Exercise details:
In the entries below, find the line with "From Stdlib Require Export Reals Lra." and the line with "zeta/4 minus the". Reproduce those two lines and every line between them exactly, and nothing more.
────────────────
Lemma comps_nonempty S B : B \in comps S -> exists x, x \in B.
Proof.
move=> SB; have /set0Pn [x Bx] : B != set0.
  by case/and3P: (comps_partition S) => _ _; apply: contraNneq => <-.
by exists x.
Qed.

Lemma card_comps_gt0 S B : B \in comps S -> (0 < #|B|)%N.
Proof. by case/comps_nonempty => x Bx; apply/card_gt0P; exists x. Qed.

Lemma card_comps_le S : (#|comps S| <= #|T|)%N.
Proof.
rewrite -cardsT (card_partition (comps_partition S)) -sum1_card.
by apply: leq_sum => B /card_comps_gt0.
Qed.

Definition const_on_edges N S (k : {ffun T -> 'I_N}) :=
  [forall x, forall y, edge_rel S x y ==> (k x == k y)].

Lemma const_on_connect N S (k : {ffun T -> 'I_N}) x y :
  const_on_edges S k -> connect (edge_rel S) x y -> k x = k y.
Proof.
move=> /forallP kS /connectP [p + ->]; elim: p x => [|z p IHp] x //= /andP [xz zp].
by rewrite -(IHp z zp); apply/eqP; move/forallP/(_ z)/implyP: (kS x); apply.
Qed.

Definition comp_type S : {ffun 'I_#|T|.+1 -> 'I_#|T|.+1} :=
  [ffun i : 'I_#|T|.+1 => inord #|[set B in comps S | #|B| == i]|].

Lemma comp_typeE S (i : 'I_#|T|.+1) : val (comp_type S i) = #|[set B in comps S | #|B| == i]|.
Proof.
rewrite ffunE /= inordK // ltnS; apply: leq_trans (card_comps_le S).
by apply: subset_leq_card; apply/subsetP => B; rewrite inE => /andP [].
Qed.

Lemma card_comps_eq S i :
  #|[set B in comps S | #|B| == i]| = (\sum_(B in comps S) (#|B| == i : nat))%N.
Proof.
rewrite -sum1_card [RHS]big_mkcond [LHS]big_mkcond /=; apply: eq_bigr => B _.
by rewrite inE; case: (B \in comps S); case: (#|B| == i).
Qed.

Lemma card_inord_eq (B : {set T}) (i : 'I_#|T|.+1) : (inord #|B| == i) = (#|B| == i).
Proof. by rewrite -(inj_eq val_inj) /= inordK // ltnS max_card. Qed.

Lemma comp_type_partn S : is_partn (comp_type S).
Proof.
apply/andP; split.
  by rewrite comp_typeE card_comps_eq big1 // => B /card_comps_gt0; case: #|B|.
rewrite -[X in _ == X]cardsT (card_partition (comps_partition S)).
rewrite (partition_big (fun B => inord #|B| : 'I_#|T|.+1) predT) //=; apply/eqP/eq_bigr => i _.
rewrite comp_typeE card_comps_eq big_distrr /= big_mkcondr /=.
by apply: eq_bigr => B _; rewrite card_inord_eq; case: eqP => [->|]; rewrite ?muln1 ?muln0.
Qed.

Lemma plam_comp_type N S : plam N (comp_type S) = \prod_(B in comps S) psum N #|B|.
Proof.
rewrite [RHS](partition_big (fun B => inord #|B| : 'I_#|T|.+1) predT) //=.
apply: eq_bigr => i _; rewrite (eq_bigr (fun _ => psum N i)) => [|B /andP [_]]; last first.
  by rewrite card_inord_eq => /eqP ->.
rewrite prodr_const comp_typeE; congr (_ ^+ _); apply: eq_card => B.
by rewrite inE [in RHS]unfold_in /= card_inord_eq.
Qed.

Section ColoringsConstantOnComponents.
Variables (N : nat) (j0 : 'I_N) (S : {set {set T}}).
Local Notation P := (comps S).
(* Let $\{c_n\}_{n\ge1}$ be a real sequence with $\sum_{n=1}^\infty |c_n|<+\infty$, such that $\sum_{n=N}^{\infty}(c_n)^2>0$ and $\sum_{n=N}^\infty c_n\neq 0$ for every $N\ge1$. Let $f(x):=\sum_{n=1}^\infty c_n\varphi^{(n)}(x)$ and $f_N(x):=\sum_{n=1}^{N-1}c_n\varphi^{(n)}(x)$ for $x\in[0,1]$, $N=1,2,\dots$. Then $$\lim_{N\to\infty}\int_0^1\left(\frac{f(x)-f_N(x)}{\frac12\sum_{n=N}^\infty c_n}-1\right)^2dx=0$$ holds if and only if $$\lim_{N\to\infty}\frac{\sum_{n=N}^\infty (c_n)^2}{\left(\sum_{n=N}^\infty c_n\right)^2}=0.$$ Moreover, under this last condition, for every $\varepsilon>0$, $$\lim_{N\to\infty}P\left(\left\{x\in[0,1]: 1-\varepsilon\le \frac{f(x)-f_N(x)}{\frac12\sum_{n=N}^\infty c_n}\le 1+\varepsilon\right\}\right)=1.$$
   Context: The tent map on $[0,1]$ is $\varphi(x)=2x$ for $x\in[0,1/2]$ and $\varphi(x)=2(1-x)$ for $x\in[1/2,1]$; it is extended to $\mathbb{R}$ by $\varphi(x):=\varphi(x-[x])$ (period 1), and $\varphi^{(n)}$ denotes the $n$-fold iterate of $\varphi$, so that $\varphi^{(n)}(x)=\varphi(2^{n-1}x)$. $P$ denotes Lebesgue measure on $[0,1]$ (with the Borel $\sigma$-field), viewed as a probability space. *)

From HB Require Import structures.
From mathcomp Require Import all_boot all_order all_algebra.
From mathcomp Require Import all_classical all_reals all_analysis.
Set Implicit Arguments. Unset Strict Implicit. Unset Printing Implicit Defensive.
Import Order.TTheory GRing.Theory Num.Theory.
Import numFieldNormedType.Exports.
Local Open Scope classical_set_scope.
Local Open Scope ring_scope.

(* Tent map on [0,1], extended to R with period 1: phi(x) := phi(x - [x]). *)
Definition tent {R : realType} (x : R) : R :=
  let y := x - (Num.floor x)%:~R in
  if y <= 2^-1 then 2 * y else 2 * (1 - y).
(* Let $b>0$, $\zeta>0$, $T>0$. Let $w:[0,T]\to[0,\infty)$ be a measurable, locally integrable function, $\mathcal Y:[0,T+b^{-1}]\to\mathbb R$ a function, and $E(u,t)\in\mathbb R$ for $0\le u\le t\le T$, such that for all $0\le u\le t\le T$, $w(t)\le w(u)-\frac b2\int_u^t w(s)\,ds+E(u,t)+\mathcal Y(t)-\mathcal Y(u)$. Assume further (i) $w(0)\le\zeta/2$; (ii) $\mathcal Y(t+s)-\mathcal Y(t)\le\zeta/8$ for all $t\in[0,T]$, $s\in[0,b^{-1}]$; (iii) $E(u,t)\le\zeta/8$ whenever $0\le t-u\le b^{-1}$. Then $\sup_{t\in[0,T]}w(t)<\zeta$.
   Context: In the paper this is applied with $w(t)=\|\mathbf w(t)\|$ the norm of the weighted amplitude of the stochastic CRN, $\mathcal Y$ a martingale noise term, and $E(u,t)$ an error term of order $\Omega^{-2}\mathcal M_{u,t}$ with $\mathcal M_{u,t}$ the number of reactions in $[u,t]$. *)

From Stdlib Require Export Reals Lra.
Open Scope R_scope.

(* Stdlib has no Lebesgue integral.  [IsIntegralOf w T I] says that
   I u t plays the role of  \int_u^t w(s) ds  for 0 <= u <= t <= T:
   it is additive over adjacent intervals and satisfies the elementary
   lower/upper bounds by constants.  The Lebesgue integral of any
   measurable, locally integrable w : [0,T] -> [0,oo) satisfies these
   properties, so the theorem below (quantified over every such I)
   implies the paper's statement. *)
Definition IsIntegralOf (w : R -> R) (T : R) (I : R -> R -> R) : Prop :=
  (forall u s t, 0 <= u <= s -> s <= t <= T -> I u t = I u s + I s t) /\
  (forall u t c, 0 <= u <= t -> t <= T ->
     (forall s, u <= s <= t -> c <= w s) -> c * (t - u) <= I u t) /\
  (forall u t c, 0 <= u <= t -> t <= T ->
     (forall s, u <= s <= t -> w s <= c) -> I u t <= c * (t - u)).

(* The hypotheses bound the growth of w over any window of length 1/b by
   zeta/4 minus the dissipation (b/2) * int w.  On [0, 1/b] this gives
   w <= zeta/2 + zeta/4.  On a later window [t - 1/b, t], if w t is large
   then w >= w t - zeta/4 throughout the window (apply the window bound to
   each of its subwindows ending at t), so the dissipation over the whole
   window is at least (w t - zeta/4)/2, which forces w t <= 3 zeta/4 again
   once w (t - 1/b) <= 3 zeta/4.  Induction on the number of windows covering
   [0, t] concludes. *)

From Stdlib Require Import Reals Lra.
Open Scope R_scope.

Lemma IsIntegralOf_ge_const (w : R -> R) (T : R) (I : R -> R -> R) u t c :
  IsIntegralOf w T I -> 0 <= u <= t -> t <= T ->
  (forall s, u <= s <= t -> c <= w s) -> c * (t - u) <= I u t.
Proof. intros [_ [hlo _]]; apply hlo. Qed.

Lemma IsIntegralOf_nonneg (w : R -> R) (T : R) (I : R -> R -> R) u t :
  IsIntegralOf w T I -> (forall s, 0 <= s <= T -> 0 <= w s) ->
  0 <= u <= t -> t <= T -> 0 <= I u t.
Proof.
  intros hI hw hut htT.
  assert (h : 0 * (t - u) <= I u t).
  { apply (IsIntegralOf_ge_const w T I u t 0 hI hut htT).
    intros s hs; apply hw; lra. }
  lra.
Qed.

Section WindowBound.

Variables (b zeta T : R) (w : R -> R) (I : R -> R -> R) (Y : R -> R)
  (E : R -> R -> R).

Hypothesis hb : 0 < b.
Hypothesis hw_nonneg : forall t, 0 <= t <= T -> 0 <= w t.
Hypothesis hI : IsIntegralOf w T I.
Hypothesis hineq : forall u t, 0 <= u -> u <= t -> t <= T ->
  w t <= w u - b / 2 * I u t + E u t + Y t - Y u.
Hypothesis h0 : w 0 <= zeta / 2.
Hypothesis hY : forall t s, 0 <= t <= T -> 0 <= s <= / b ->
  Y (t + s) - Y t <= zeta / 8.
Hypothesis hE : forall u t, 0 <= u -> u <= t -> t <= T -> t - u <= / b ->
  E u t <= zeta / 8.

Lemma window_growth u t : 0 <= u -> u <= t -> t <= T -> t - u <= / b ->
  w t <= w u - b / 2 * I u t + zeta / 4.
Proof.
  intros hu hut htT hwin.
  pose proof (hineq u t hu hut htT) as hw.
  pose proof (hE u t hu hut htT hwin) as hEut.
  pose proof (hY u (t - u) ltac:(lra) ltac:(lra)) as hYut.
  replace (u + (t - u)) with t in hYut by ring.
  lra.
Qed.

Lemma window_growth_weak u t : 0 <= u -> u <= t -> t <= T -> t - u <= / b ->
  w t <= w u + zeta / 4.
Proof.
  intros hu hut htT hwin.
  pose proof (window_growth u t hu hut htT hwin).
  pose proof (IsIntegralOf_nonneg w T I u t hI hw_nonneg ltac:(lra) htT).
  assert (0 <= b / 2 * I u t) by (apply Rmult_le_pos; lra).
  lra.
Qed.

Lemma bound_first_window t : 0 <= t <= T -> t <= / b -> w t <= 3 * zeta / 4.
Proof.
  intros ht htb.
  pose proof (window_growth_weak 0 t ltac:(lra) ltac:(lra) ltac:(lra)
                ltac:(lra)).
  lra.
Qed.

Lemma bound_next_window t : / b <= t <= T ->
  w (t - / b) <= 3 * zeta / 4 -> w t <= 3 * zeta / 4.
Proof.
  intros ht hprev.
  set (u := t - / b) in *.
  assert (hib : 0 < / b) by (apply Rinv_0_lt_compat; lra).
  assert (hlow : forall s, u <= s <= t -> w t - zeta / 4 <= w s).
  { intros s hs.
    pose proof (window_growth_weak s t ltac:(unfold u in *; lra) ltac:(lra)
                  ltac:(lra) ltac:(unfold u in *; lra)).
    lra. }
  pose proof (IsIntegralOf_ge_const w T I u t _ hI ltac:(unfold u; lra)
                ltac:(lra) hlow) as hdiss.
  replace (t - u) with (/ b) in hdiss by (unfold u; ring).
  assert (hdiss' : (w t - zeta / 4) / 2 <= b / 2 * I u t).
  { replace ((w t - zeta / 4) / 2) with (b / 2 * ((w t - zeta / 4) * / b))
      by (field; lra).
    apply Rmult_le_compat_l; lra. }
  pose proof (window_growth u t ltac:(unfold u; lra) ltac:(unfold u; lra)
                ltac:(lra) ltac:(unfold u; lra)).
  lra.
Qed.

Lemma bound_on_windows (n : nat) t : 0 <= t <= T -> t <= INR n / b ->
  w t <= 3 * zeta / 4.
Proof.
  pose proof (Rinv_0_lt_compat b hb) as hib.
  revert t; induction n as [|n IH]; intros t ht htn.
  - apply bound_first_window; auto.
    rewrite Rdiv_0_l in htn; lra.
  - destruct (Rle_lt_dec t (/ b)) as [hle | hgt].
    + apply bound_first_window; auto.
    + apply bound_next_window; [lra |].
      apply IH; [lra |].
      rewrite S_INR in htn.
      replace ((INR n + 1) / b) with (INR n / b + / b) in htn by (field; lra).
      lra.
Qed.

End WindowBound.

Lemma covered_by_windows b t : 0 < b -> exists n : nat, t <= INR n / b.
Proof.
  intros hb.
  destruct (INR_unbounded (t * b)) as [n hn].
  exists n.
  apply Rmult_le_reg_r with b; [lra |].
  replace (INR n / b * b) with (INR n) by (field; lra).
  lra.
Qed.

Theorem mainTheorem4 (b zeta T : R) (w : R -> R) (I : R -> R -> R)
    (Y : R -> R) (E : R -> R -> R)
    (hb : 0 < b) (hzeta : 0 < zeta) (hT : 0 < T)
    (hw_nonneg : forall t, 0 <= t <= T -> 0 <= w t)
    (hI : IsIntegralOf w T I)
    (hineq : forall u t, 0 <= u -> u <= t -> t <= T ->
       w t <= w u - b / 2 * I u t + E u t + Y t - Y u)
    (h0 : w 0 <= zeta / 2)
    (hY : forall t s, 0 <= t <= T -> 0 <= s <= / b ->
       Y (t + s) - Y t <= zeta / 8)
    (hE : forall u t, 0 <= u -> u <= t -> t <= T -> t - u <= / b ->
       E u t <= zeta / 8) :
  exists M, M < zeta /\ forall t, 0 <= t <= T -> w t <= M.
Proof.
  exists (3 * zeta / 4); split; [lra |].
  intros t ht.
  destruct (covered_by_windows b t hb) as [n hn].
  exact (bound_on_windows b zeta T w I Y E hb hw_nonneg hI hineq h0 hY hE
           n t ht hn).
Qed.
────────────────
Written response:
From Stdlib Require Export Reals Lra.
Open Scope R_scope.

(* Stdlib has no Lebesgue integral.  [IsIntegralOf w T I] says that
   I u t plays the role of  \int_u^t w(s) ds  for 0 <= u <= t <= T:
   it is additive over adjacent intervals and satisfies the elementary
   lower/upper bounds by constants.  The Lebesgue integral of any
   measurable, locally integrable w : [0,T] -> [0,oo) satisfies these
   properties, so the theorem below (quantified over every such I)
   implies the paper's statement. *)
Definition IsIntegralOf (w : R -> R) (T : R) (I : R -> R -> R) : Prop :=
  (forall u s t, 0 <= u <= s -> s <= t <= T -> I u t = I u s + I s t) /\
  (forall u t c, 0 <= u <= t -> t <= T ->
     (forall s, u <= s <= t -> c <= w s) -> c * (t - u) <= I u t) /\
  (forall u t c, 0 <= u <= t -> t <= T ->
     (forall s, u <= s <= t -> w s <= c) -> I u t <= c * (t - u)).

(* The hypotheses bound the growth of w over any window of length 1/b by
   zeta/4 minus the dissipation (b/2) * int w.  On [0, 1/b] this gives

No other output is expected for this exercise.